Enhancing optical properties through zinc halide precursor selection: interfacial optimization of InZnP quantum dots

Abstract

Zinc is frequently employed in the synthesis of InP quantum dots (QDs) to enhance the photoluminescence efficiency of the resulting InZnP alloy nanostructures. The precise function of Zn within the structure and the mechanism by which it enhances the optoelectronic properties of QDs remain the subject of ongoing research. The addition of zinc promotes the formation of InZnP alloy nanocrystals, which exhibit a wider bandgap energy compared to InP. By using X-ray absorption spectroscopy, we demonstrate that this alloy displays a notable zinc-rich surface layer, enabling a smoother lattice parameter transition at the interface between the InZnP core and the ZnS shell. This transition facilitates the growth of the ZnS shell. Compared to InP cores, the InZnP alloy structure mitigates the presence of InP defect states, resulting in a substantial enhancement in the quantum yield (QY) of InZnP/ZnS QDs. Additionally, our investigation highlights the substantial impact of various zinc halide precursors on the optical properties of the QDs.

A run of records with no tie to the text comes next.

Lemma rank_right_inverse : \rank V = k.
Proof.
apply/eqP; rewrite eqn_leq rank_leq_row /=.
by have := mxrankM_maxl V T; rewrite VT mxrank1.
Qed.

Lemma rank_ker_rowmx : \rank (kermx M) = (\rank U + k)%N.
Proof.
have := mxrank_sum_cap U V.
rewrite ker_rowmx_cap mxrank0 addn0 rank_right_inverse => <-.
by have /eqmxP E := ker_split; rewrite E.
Qed.

End KernelRank.

Section MatrixSpace.
Variables (R : realType) (m n : nat).
Local Notation C := R[i].
Local Notation mx := 'M[C]_(m, n).
Implicit Types (x y a : mx) (p q : 'I_n -> C).

Lemma mdist_ge0 x y : 0 <= mdist x y.
Proof. by apply: sumr_ge0 => i _; apply: sumr_ge0 => j _; apply: cabs_ge0. Qed.

Lemma entry_le_mdist x y i j : cabs (x i j - y i j) <= mdist x y.
Proof.
rewrite /mdist (bigD1 i) //= (bigD1 j) //= -addrA lerDl.
apply: addr_ge0; first by apply: sumr_ge0 => j' _; apply: cabs_ge0.
by apply: sumr_ge0 => i' _; apply: sumr_ge0 => j' _; apply: cabs_ge0.
Qed.

Definition dot (a W : mx) : C := \sum_i \sum_j a i j * W i j.

Lemma mxvec_dot (a W : mx) :
  \sum_(idx < m * n) (mxvec a) 0 idx * (mxvec W) 0 idx = dot a W.
Proof.
rewrite /dot (reindex _ (curry_mxvec_bij _ _)) /= pair_bigA.
by apply: eq_bigr => [[i j]] _ /=; rewrite !mxvecE.
Qed.

Definition vec_cols k (W : 'I_k -> mx) : 'M[C]_(m * n, k) :=
  \matrix_(idx, t) (mxvec (W t)) 0 idx.
Definition vec_rows k (W : 'I_k -> mx) : 'M[C]_(k, m * n) :=
  \matrix_(t, idx) (mxvec (W t)) 0 idx.

Lemma mxvec_mul_vec_cols k a (W : 'I_k -> mx) t :
  (mxvec a *m vec_cols W) 0 t = dot a (W t).
Proof. by rewrite mxE -mxvec_dot; apply: eq_bigr => idx _; rewrite mxE. Qed.

Lemma mul_vec_rows_cols k k' (W' : 'I_k' -> mx) (W : 'I_k -> mx) t' t :
  (vec_rows W' *m vec_cols W) t' t = dot (W' t') (W t).
Proof. by rewrite mxE -mxvec_dot; apply: eq_bigr => idx _; rewrite !mxE. Qed.

Lemma sub_ker_vec_cols k (W : 'I_k -> mx) a :
  (mxvec a <= kermx (vec_cols W))%MS <-> forall t, dot a (W t) = 0.
Proof.
rewrite sub_kermx; split => [/eqP h t|h]; last first.
  by apply/eqP/rowP => t; rewrite mxvec_mul_vec_cols h mxE.
by have := congr1 (fun X : 'M[C]_(1, k) => X 0 t) h; rewrite mxvec_mul_vec_cols mxE.
Qed.

Lemma dot0 a : dot a 0 = 0.
Proof. by apply: big1 => i _; apply: big1 => j _; rewrite mxE mulr0. Qed.

Lemma dot_delta a i0 j0 : dot a (delta_mx i0 j0) = a i0 j0.
Proof.
rewrite /dot (bigD1 i0) //= [X in _ + X]big1 ?addr0; last first.
  by move=> i ni; apply: big1 => j _; rewrite mxE (negbTE ni) mulr0.
rewrite (bigD1 j0) //= [X in _ + X]big1 ?addr0; last first.
  by move=> j nj; rewrite mxE (negbTE nj) andbF mulr0.
by rewrite mxE !eqxx mulr1.
Qed.

Lemma dot_comb a u v i j i' j' :
  dot a (u *: delta_mx i j - v *: delta_mx i' j') = u * a i j - v * a i' j'.
Proof.
rewrite -!dot_delta /dot !mulr_sumr -sumrB; apply: eq_bigr => i0 _.
by rewrite !mulr_sumr -sumrB; apply: eq_bigr => j0 _; rewrite !mxE; ring.
Qed.

Definition shift a p : mx := \matrix_(i, j) (a i j - p j).

Lemma shift_ext a p q : p =1 q -> shift a p = shift a q.
Proof. by move=> h; apply/matrixP => i j; rewrite !mxE h. Qed.

Lemma shift0 a : shift a (fun _ => 0) = a.
Proof. by apply/matrixP => i j; rewrite mxE subr0. Qed.

Lemma shift_dist x y p q :
  mdist (shift x p) (shift y q) <= mdist x y + m%:R * \sum_j cabs (p j - q j).
Proof.
apply: le_trans (_ : _ <= \sum_i \sum_j (cabs (x i j - y i j) + cabs (p j - q j))) _.
  apply: ler_sum => i _; apply: ler_sum => j _; rewrite !mxE.
  have -> : x i j - p j - (y i j - q j) = (x i j - y i j) + - (p j - q j) by ring.
  by apply: le_trans (cabsD _ _) _; rewrite cabsN.
rewrite (eq_bigr (fun i => \sum_j cabs (x i j - y i j) + \sum_j cabs (p j - q j))).
  by rewrite big_split /= sumr_const card_ord mulr_natl.
by move=> i _; rewrite big_split.
Qed.

Definition lipschitz_shift (f : mx -> 'I_n -> C) (L : R) :=
  forall x y, \sum_j cabs (f x j - f y j) <= L * mdist x y.

Definition shift_homotopy (f : mx -> 'I_n -> C) (x : mx) (t : R) : mx :=
  shift x (fun j => (1 - t)%:C%C * f x j).

Section LipschitzShift.
Variables (f : mx -> 'I_n -> C) (L : R).
Hypotheses (L0 : 0 <= L) (fL : lipschitz_shift f L).

Lemma shift_cont (S : mx -> Prop) : cont_on S (fun x => shift x (f x)).
Proof.
move=> x _ e e0; have D0 : 0 < 1 + m%:R * L by rewrite ltr_pwDl // mulr_ge0.
exists (e / (1 + m%:R * L)); first by rewrite divr_gt0.
move=> y _ hxy; apply: le_lt_trans (shift_dist _ _ _ _) _.
apply: le_lt_trans (_ : _ <= mdist x y * (1 + m%:R * L)) _.
  by rewrite mulrDr mulr1 lerD2l mulrCA ler_wpM2l // mulrC fL.
by rewrite -ltr_pdivlMr.
Qed.

Lemma shift_homotopy_cont x t e : 0 < e -> exists2 d : R, 0 < d &
  forall y u, 0 <= u <= 1 -> mdist x y < d -> `|t - u| < d ->
    mdist (shift_homotopy f x t) (shift_homotopy f y u) < e.
Proof.
move=> e0; set P := \sum_j cabs (f x j).
have P0 : 0 <= P by apply: sumr_ge0 => j _; apply: cabs_ge0.
set D := 1 + m%:R * L + m%:R * P.
have mL : 0 <= m%:R * L by rewrite mulr_ge0.
have mP : 0 <= m%:R * P by rewrite mulr_ge0.
have D0 : 0 < D by rewrite /D -addrA ltr_pwDl // addr_ge0.
exists (e / D) => [|y u hu hxy htu]; first by rewrite divr_gt0.
have est : mdist (shift_homotopy f x t) (shift_homotopy f y u) <=
    mdist x y * (1 + m%:R * L) + `|t - u| * (m%:R * P).
  apply: le_trans (shift_dist _ _ _ _) _.
  have hs : \sum_j cabs ((1 - t)%:C%C * f x j - (1 - u)%:C%C * f y j) <=
      `|t - u| * P + L * mdist x y.
    apply: le_trans (ler_sum _ (fun j _ => cabs_interp t (f x j) (f y j) hu)) _.
    by rewrite big_split /= -mulr_sumr lerD2l fL.
  apply: le_trans (_ : _ <= mdist x y + m%:R * (`|t - u| * P + L * mdist x y)) _.
    by rewrite lerD2l ler_wpM2l ?ler0n.
  by rewrite le_eqVlt; apply/orP; left; apply/eqP; ring.
apply: le_lt_trans est _; have M0 := mdist_ge0 x y; have tu0 := normr_ge0 (t - u).
have eD : e = e / D * D by rewrite divfK ?gt_eqF.
rewrite eD /D; set d := e / D in hxy htu eD *.
have h1 : mdist x y * (1 + m%:R * L) < d * (1 + m%:R * L).
  by rewrite ltr_pM2r // ltr_pwDl.
have h2 : `|t - u| * (m%:R * P) <= d * (m%:R * P) by rewrite ler_wpM2r // ltW.
nra.
Qed.

End LipschitzShift.
End MatrixSpace.

Section Grid.
Variables (R : realType) (Q : pit R).
Local Notation C := R[i].
Local Notation m := (size Q).
Local Notation r := (rQ Q).
Local Notation s := (sQ Q).
Local Notation K := (KQ Q).
Local Notation mx := 'M[C]_(m, s).

Definition grid (j : nat) : rat := (j.+1)%:Q / r%:Q.

Definition row_fac (a : mx) (i : 'I_m) : expfac R :=
  [seq (grid j, a i j) | j : 'I_s <- enum 'I_s].

Lemma fac_Qa a (i : 'I_m) : fac (@Qa R Q a) i = row_fac a i.
Proof. by rewrite /fac /Qa (nth_map i) ?size_enum_ord // nth_ord_enum. Qed.

Lemma mult_Qa a (i : 'I_m) : mult (@Qa R Q a) i = mult Q i.
Proof. by rewrite /mult /Qa (nth_map i) ?size_enum_ord // nth_ord_enum. Qed.

Lemma size_Qa a : size (@Qa R Q a) = m.
Proof. by rewrite /Qa size_map size_enum_ord. Qed.

Lemma rQ_neq0 : r%:Q != 0.
Proof. by rewrite pnatr_eq0 -lt0n rQ_gt0. Qed.

Lemma grid_gt0 j : 0 < grid j.
Proof. by rewrite /grid divr_gt0 // ltr0n rQ_gt0. Qed.

Lemma grid_inj : injective grid.
Proof.
move=> j j'; rewrite /grid => /(mulIf (invr_neq0 rQ_neq0)) /eqP.
by rewrite eqr_int => /eqP [].
Qed.

Lemma coef_row_fac a i (j : 'I_s) : coef (row_fac a i) (grid j) = a i j.
Proof.
rewrite /coef /row_fac big_map /= big_enum_cond /=.
rewrite (bigD1 j) /= ?eqxx // big1 ?addr0 // => j' /andP[/eqP hj nj].
by move: nj; rewrite (val_inj (grid_inj hj)) eqxx.
Qed.

Lemma coef_row_fac_off a i e : (forall j : 'I_s, grid j != e) ->
  coef (row_fac a i) e = 0.
Proof.
move=> h; rewrite /coef /row_fac big_map /= big1_seq // => j /andP[hj _].
by have := h j; rewrite hj.
Qed.

Lemma row_fac_pos a i : positive_exps (row_fac a i).
Proof.
move=> e nz; have [/existsP [j /eqP <-]|/existsPn nj] :=
  boolP [exists j : 'I_s, grid j == e]; first exact: grid_gt0.
by rewrite coef_row_fac_off ?eqxx in nz.
Qed.

Lemma K_ge0 : 0 <= K.
Proof. exact: bigmax_ge_id. Qed.

Lemma s_def : s%:Z = Num.floor (r%:Q * K).
Proof. by rewrite /sQ gez0_abs // floor_ge0 mulr_ge0 ?ler0n ?K_ge0. Qed.

Lemma nat_le_s (c : nat) : (c%:Q <= r%:Q * K) = (c <= s)%N.
Proof. by rewrite -lez_nat s_def floor_ge_int. Qed.

Lemma on_grid e : 0 < e -> r%:Q * e \is a Num.int -> e <= K ->
  exists j : 'I_s, grid j = e.
Proof.
move=> e0 hi eK; move: (floorK hi); set n := Num.floor _ => hn; clearbody n.
have n0 : (0 < n)%R by rewrite -(ltr0z rat) hn mulr_gt0 // ltr0n rQ_gt0.
case: n n0 hn => [[|c]|c] //= _ hn.
have cs : (c < s)%N by rewrite -nat_le_s [_%:Q]hn ler_pM2l ?ltr0n ?rQ_gt0.
exists (Ordinal cs); apply: (mulfI rQ_neq0).
by rewrite /grid /= mulrC divfK ?rQ_neq0.
Qed.

Lemma grid_int j : (grid j \is a Num.int) = (r %| j.+1)%N.
Proof.
apply/idP/idP => [hi|/dvdnP [c hc]]; last first.
  by rewrite /grid hc PoszM intrM mulfK ?rQ_neq0 // intr_int.
have := floorK hi; set z := Num.floor (grid j) => hz.
have h : (j.+1)%:Q = z%:~R * r%:Q by rewrite hz /grid divfK ?rQ_neq0.
have : Posz j.+1 = z * Posz r by apply: (@intr_inj rat); rewrite intrM -h.
case: z {hz h} => [z'|z'] /=; first by rewrite -PoszM => -[->]; apply: dvdn_mull.
by move=> h; exfalso; have := rQ_gt0 Q; move: h; nia.
Qed.

Lemma emk_grid_int j : (r %| j.+1)%N -> emk R (grid j) = 1.
Proof. by rewrite -grid_int => /floorK <-; rewrite emk_int. Qed.

End Grid.

Section PointedIrregularType.
Variables (R : realType) (Q : pit R).
Hypothesis HQ : is_pit Q.
Local Notation C := R[i].
Local Notation m := (size Q).
Local Notation r := (rQ Q).
Local Notation s := (sQ Q).
Local Notation K := (KQ Q).
Local Notation mx := 'M[C]_(m, s).
Local Notation grid := (grid Q).
Local Notation row_fac := (@row_fac R Q).
Implicit Types (a x y : mx) (i j : 'I_m) (k l : nat).

Lemma fac_pos i : positive_exps (fac Q i).
Proof.
case: HQ => _ he _ e /coef_nz_in [p pq <-].
by have := he i (ltn_ord i); rewrite /is_expfac => /allP /(_ p pq).
Qed.

Lemma fac_on_grid i e : coef (fac Q i) e != 0 -> exists j : 'I_s, grid j = e.
Proof.
move=> nz; have mem_i := mem_nth (0%N, [::]) (ltn_ord i).
apply: on_grid; first exact: fac_pos nz.
  have [/ram_predP [_ h] _] := ram_spec (fac Q i).
  exact: int_dvd_scale (ram_dvd_rQ mem_i) (h e nz).
apply: le_trans (slope_ub nz) _.
exact: (le_bigmax_seq 0 _ xpredT (fun p => slope p.2) mem_i).
Qed.

Definition aQ : mx := \matrix_(i, j) coef (fac Q i) (grid j).

Lemma coef_aQ i e : coef (row_fac aQ i) e = coef (fac Q i) e.
Proof.
have [/existsP [j /eqP <-]|/existsPn nj] := boolP [exists j : 'I_s, grid j == e].
  by rewrite coef_row_fac mxE.
rewrite coef_row_fac_off //; apply/esym/eqP/negP => /negP /fac_on_grid [j hj].
by have := nj j; rewrite hj eqxx.
Qed.

Definition dfac a i j k l := esub (sigman k (row_fac a i)) (sigman l (row_fac a j)).
Definition slopeQ i j k l := slope (esub (sigman k (fac Q i)) (sigman l (fac Q j))).
Definition slope_cond a := forall i j k l,
  (k <= ram (fac Q i))%N -> (l <= ram (fac Q j))%N -> slope (dfac a i j k l) = slopeQ i j k l.

Lemma coef_dfac a i j k l e : coef (dfac a i j k l) e =
  emk R e ^+ k * coef (row_fac a i) e - emk R e ^+ l * coef (row_fac a j) e.
Proof. by rewrite coef_esub !coef_sigman. Qed.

Specifically, QDs with a core structure synthesized using highly reactive zinc chloride, exhibited increased Zn–O bonds, effectively reducing the inherent surface defects in InP QDs. This enhancement in optical characteristics, observed after the subsequent shell coating, highlights the essential role of precursor selection in determining the optical characteristics of QDs. Overall, these findings emphasize the crucial role of zinc and the selection of precursors in the synthesis process, opening up new avenues for more refined and efficient approaches in the production and application of InP-based QDs.